> [Task]:
Where the listing below has a line with "Let N_pos : 0 < N%:R :> R.", write out exactly that line and every line after it, stopping after the line with "Lemma freq_lower_tail A e : 0 <= e ->".

━━━━━━━━━━━━━━━━━━━━

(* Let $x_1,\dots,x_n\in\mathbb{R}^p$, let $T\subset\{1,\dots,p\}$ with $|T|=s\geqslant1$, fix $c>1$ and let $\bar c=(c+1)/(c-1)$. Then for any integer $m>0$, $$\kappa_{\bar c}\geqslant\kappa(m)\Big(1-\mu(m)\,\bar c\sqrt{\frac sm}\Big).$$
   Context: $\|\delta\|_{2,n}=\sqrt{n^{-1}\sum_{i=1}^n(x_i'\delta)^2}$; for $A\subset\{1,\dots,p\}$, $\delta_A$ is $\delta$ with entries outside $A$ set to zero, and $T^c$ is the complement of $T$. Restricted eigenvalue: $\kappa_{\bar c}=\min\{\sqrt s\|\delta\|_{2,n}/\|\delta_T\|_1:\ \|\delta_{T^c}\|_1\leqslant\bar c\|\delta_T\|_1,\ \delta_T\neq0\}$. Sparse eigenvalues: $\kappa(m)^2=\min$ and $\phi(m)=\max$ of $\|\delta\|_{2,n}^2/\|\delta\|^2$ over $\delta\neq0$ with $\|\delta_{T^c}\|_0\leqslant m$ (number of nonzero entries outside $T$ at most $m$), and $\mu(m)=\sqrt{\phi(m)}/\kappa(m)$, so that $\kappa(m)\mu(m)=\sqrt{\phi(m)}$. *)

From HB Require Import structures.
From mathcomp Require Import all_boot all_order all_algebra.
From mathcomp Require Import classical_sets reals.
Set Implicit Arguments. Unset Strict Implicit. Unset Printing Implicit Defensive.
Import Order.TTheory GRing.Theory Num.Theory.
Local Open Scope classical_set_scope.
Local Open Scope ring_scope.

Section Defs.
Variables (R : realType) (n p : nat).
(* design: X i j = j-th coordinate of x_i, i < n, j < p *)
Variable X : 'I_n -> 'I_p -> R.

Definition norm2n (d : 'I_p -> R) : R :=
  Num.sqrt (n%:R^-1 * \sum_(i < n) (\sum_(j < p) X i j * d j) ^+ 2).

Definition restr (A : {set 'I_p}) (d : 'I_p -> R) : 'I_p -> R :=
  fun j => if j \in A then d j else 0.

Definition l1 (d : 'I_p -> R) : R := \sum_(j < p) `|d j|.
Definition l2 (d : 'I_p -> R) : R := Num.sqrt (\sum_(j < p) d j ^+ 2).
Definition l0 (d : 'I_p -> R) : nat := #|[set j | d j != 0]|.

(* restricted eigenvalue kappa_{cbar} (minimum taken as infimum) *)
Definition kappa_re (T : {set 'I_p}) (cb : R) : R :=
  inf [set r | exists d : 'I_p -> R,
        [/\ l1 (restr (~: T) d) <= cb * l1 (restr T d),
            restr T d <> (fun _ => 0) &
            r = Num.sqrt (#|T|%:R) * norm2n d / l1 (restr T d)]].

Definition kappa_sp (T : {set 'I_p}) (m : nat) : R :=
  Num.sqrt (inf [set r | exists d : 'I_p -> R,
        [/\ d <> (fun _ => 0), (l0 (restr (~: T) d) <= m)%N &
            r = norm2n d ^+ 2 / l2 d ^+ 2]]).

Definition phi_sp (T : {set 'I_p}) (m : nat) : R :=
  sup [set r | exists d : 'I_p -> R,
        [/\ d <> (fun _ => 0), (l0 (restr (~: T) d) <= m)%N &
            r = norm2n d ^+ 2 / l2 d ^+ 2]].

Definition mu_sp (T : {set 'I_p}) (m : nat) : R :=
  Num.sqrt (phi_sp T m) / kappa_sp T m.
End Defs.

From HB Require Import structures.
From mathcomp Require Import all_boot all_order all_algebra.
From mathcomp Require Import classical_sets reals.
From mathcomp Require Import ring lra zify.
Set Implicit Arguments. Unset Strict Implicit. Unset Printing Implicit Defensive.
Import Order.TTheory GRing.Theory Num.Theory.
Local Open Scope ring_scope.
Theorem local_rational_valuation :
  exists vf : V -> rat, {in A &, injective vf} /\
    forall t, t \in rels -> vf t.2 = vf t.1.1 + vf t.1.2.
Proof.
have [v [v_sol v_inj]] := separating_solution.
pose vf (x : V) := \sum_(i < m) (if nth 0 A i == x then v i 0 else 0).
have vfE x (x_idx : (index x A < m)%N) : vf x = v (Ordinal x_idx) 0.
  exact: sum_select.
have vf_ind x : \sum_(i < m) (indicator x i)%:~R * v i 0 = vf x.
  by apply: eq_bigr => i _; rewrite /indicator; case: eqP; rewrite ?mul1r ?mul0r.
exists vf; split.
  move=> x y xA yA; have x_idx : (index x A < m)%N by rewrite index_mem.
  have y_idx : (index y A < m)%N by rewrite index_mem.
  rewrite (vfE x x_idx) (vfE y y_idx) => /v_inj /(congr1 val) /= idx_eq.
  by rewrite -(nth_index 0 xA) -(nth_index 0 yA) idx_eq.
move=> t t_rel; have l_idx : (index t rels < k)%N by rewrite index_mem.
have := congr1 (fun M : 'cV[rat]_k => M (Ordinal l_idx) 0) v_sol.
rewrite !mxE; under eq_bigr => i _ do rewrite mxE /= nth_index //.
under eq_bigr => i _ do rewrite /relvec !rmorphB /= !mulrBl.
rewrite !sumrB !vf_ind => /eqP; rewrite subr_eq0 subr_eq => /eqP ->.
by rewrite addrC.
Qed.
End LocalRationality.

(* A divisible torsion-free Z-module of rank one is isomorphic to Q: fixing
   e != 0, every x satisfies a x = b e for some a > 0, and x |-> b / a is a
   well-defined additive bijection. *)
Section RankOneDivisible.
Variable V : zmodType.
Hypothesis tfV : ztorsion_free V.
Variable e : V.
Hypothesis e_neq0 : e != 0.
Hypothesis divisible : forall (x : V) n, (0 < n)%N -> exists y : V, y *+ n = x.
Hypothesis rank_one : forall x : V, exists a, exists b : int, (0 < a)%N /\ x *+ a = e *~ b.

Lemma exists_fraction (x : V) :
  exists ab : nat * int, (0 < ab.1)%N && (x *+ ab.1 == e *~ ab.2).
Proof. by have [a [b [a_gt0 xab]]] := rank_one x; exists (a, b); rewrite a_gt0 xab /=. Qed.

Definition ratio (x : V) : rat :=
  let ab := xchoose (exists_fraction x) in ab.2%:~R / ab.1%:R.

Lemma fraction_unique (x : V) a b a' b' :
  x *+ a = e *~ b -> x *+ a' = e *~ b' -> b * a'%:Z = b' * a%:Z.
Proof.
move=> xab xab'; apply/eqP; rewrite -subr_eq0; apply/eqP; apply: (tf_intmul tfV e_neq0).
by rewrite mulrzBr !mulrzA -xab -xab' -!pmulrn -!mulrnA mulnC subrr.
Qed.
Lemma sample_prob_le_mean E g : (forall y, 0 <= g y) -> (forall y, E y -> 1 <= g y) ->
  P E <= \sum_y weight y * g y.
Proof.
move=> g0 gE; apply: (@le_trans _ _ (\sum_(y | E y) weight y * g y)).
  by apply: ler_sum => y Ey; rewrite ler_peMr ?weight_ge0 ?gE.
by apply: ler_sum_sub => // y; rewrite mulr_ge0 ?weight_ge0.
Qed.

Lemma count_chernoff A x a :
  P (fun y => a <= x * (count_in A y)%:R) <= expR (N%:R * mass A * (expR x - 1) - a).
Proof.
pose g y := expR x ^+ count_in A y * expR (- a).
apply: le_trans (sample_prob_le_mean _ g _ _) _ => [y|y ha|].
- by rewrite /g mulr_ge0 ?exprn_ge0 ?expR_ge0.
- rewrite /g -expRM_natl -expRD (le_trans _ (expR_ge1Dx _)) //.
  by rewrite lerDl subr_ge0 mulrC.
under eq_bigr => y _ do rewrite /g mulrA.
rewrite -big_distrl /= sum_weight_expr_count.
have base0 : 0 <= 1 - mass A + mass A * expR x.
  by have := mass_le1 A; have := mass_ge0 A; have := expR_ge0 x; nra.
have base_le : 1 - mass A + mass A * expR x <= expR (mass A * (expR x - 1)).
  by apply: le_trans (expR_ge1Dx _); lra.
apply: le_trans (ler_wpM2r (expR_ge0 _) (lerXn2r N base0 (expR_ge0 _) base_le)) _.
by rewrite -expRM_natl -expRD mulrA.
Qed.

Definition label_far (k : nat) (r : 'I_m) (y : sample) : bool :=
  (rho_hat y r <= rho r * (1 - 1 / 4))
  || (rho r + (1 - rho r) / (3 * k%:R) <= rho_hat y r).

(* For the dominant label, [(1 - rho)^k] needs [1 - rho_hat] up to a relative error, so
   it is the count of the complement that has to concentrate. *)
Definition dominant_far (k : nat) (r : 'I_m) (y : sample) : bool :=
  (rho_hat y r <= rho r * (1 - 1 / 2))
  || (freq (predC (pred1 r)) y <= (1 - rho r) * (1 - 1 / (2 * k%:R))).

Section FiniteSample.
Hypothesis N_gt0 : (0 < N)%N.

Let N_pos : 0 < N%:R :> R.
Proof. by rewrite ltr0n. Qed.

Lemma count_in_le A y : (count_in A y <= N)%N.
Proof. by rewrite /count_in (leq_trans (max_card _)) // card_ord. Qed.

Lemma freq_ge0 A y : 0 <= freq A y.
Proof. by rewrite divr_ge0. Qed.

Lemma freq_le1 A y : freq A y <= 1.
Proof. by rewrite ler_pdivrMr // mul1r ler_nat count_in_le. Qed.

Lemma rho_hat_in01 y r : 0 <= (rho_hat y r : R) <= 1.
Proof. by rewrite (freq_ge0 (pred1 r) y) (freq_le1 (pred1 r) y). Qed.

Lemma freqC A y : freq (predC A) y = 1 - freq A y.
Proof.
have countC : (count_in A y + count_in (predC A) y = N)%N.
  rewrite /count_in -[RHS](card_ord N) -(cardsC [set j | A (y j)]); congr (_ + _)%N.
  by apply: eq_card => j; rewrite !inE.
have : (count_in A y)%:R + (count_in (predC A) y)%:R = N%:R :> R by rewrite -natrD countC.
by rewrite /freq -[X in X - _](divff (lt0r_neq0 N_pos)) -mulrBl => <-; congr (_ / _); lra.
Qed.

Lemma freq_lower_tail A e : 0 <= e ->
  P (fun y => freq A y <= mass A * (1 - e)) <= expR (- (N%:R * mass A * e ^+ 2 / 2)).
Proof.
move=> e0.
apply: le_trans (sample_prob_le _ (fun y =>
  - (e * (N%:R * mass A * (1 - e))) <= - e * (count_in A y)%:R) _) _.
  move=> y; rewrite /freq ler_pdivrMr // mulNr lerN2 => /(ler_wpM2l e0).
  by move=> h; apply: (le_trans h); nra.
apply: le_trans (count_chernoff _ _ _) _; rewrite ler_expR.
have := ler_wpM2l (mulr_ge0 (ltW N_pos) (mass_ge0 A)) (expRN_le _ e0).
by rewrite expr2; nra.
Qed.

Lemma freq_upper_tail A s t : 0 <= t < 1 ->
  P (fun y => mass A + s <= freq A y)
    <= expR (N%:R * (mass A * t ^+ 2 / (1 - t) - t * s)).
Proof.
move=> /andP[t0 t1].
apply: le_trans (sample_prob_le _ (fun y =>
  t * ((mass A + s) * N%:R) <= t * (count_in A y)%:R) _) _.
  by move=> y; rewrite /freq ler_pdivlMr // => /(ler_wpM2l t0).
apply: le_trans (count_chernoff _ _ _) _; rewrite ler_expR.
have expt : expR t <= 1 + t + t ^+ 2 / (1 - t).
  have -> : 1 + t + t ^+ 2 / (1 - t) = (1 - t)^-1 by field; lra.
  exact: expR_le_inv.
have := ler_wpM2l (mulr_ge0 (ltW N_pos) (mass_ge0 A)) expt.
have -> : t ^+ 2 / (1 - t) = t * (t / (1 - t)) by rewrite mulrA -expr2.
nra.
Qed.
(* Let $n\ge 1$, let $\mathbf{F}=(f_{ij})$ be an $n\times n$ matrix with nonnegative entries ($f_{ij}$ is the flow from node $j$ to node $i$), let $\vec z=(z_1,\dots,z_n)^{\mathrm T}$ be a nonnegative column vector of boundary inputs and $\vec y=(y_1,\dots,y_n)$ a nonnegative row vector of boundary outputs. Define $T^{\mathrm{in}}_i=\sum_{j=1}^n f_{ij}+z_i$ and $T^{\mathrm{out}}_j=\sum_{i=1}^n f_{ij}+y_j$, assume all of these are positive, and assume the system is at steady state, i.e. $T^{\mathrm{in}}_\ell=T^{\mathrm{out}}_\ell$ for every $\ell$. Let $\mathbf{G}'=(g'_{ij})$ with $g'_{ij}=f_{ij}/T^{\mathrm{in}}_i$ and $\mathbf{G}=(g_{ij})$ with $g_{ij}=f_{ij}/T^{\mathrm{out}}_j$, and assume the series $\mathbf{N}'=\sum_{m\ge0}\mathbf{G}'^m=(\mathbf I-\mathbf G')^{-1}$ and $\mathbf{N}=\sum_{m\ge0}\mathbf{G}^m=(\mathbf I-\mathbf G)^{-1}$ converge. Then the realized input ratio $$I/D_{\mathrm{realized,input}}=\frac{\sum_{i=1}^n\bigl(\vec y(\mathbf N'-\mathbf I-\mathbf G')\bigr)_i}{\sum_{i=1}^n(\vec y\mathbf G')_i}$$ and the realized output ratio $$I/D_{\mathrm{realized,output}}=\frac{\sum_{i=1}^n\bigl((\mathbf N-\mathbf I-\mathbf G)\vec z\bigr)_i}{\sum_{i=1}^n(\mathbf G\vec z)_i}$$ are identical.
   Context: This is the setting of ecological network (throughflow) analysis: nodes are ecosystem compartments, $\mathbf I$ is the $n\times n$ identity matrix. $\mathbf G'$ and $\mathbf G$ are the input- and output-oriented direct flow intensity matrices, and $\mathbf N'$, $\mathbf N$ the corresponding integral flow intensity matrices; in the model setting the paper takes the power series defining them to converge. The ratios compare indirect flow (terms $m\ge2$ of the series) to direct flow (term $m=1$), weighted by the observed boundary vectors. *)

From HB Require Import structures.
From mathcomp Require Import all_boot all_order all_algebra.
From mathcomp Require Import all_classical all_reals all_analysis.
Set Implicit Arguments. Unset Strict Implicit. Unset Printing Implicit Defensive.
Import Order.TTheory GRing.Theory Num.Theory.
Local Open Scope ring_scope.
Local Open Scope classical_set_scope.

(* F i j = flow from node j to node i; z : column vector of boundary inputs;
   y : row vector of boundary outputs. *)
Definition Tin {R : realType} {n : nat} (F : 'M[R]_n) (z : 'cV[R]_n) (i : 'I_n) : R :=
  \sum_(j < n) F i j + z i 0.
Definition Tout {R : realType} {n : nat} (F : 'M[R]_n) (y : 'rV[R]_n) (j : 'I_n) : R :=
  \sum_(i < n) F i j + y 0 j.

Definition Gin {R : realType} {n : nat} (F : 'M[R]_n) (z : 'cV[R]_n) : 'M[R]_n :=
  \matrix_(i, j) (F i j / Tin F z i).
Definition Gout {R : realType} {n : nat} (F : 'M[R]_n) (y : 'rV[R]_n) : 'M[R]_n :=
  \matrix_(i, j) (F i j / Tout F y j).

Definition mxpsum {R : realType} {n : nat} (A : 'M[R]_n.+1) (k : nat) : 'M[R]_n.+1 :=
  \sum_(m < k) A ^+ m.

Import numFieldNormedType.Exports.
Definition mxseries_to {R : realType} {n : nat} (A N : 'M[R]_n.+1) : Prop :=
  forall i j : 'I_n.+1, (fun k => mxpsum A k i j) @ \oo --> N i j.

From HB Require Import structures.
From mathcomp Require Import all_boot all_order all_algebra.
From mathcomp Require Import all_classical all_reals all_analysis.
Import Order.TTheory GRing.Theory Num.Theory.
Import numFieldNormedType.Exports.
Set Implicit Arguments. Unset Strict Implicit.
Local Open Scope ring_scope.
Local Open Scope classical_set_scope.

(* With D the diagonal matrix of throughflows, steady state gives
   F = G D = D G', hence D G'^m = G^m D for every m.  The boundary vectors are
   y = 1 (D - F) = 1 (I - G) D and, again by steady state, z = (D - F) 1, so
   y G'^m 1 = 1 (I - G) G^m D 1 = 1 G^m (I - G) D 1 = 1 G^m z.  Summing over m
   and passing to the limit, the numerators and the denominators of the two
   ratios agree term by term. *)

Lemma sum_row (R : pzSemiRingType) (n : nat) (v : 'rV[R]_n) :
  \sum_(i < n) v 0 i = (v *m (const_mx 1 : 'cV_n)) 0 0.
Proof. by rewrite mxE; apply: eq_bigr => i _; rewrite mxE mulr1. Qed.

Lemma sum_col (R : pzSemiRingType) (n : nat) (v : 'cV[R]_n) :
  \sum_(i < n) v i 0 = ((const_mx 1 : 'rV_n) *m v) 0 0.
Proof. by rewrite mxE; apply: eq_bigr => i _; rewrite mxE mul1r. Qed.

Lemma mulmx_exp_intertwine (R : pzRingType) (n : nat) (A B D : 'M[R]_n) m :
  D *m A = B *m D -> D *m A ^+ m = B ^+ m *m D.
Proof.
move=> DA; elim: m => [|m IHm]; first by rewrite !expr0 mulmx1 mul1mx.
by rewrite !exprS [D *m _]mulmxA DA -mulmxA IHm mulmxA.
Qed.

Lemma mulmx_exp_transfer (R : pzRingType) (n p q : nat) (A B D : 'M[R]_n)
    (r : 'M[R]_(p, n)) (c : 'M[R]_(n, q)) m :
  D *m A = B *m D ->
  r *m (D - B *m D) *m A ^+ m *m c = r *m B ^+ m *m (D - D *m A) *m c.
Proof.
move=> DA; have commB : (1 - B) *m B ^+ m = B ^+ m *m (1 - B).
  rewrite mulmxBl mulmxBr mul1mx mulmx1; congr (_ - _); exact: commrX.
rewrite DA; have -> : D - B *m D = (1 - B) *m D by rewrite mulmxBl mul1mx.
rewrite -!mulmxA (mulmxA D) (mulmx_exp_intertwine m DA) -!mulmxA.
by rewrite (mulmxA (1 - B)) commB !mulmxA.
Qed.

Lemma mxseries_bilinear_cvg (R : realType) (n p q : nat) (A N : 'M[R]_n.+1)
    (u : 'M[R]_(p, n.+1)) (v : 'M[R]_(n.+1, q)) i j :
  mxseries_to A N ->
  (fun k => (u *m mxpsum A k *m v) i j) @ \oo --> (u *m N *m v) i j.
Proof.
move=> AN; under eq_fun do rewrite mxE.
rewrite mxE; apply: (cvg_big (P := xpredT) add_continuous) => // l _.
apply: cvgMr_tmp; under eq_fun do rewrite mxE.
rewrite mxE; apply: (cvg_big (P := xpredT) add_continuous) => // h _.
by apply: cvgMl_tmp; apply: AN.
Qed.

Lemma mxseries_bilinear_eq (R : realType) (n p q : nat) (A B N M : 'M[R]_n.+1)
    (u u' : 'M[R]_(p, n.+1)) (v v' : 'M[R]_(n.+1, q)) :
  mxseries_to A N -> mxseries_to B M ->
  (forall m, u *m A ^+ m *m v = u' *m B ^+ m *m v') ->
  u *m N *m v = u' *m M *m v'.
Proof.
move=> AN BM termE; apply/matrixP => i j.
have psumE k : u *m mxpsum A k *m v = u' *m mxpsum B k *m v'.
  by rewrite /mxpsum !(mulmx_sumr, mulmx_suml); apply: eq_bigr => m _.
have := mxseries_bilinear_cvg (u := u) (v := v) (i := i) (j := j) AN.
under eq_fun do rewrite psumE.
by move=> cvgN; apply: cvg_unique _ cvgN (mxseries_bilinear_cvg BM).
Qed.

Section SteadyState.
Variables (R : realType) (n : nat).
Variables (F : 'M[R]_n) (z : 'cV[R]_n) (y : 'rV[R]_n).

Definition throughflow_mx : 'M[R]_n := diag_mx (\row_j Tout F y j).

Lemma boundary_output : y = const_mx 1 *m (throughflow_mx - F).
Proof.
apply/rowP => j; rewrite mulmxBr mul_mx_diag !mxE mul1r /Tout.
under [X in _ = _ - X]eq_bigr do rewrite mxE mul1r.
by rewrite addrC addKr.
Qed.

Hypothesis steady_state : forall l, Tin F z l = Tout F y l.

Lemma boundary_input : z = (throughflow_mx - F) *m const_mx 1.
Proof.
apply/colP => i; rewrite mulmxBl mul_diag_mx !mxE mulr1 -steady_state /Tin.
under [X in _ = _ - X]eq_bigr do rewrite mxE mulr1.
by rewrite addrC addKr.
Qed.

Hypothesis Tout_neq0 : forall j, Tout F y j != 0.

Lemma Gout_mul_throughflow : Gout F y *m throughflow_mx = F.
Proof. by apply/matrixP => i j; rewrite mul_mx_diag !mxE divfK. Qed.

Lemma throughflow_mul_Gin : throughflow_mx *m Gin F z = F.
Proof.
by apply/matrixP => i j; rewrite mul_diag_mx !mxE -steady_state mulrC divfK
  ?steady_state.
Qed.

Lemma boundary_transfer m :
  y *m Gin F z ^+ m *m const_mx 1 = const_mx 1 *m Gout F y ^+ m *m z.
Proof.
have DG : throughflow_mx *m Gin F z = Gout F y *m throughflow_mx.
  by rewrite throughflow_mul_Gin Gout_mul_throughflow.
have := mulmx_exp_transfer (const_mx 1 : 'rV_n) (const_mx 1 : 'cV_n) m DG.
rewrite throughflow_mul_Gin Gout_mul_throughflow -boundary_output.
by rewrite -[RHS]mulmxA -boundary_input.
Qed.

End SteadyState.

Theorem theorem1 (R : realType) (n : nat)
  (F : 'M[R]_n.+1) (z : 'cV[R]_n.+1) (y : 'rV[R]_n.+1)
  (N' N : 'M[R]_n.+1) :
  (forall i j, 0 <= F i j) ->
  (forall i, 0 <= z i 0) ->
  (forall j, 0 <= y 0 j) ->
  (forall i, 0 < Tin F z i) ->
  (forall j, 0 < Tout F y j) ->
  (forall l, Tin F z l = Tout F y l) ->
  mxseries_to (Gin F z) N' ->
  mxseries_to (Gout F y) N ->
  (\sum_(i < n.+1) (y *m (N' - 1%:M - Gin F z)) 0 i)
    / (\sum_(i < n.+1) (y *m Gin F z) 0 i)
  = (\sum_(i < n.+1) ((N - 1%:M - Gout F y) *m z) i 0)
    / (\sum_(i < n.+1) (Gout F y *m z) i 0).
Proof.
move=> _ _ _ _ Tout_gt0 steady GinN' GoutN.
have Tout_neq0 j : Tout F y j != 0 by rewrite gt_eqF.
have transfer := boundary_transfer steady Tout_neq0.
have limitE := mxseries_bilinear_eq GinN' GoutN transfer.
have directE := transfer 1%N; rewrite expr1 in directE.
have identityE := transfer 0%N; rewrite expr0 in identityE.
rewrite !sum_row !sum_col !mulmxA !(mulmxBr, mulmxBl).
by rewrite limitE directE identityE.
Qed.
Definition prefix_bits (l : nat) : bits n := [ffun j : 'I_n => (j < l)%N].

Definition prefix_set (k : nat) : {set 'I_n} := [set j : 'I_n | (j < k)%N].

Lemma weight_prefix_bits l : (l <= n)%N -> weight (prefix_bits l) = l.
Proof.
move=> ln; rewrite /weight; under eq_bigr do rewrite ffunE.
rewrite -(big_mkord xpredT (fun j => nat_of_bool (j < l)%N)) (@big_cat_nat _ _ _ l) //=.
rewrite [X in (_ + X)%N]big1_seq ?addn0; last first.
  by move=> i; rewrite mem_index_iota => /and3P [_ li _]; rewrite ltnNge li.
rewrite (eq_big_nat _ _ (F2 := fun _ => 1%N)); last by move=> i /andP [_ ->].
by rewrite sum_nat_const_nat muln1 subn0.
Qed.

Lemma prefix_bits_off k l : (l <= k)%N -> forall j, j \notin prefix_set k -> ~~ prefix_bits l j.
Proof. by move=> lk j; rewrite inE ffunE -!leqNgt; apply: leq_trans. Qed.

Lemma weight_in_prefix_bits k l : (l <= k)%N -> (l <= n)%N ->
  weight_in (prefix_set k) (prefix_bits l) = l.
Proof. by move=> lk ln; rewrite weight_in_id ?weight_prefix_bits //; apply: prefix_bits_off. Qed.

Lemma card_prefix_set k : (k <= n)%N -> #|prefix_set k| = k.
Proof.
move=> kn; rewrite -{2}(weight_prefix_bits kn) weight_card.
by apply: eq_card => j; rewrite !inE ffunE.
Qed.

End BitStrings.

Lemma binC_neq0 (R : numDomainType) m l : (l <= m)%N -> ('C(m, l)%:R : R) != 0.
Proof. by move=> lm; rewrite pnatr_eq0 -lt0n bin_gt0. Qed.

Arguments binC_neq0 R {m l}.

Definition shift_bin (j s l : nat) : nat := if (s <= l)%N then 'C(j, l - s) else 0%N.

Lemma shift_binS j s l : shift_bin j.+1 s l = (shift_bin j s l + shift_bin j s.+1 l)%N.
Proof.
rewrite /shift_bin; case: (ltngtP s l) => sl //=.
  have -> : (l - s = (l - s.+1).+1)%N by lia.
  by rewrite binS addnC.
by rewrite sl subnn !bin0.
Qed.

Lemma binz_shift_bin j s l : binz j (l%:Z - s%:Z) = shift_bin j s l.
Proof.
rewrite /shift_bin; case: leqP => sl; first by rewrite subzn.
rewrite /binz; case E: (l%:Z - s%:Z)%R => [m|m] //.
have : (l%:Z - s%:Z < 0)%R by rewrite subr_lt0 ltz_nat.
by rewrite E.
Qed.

━━━━━━━━━━━━━━━━━━━━

> [Answer to this task]:
Let N_pos : 0 < N%:R :> R.
Proof. by rewrite ltr0n. Qed.

Lemma count_in_le A y : (count_in A y <= N)%N.
Proof. by rewrite /count_in (leq_trans (max_card _)) // card_ord. Qed.

Lemma freq_ge0 A y : 0 <= freq A y.
Proof. by rewrite divr_ge0. Qed.

Lemma freq_le1 A y : freq A y <= 1.
Proof. by rewrite ler_pdivrMr // mul1r ler_nat count_in_le. Qed.

Lemma rho_hat_in01 y r : 0 <= (rho_hat y r : R) <= 1.
Proof. by rewrite (freq_ge0 (pred1 r) y) (freq_le1 (pred1 r) y). Qed.

Lemma freqC A y : freq (predC A) y = 1 - freq A y.
Proof.
have countC : (count_in A y + count_in (predC A) y = N)%N.
  rewrite /count_in -[RHS](card_ord N) -(cardsC [set j | A (y j)]); congr (_ + _)%N.
  by apply: eq_card => j; rewrite !inE.
have : (count_in A y)%:R + (count_in (predC A) y)%:R = N%:R :> R by rewrite -natrD countC.
by rewrite /freq -[X in X - _](divff (lt0r_neq0 N_pos)) -mulrBl => <-; congr (_ / _); lra.
Qed.

Lemma freq_lower_tail A e : 0 <= e ->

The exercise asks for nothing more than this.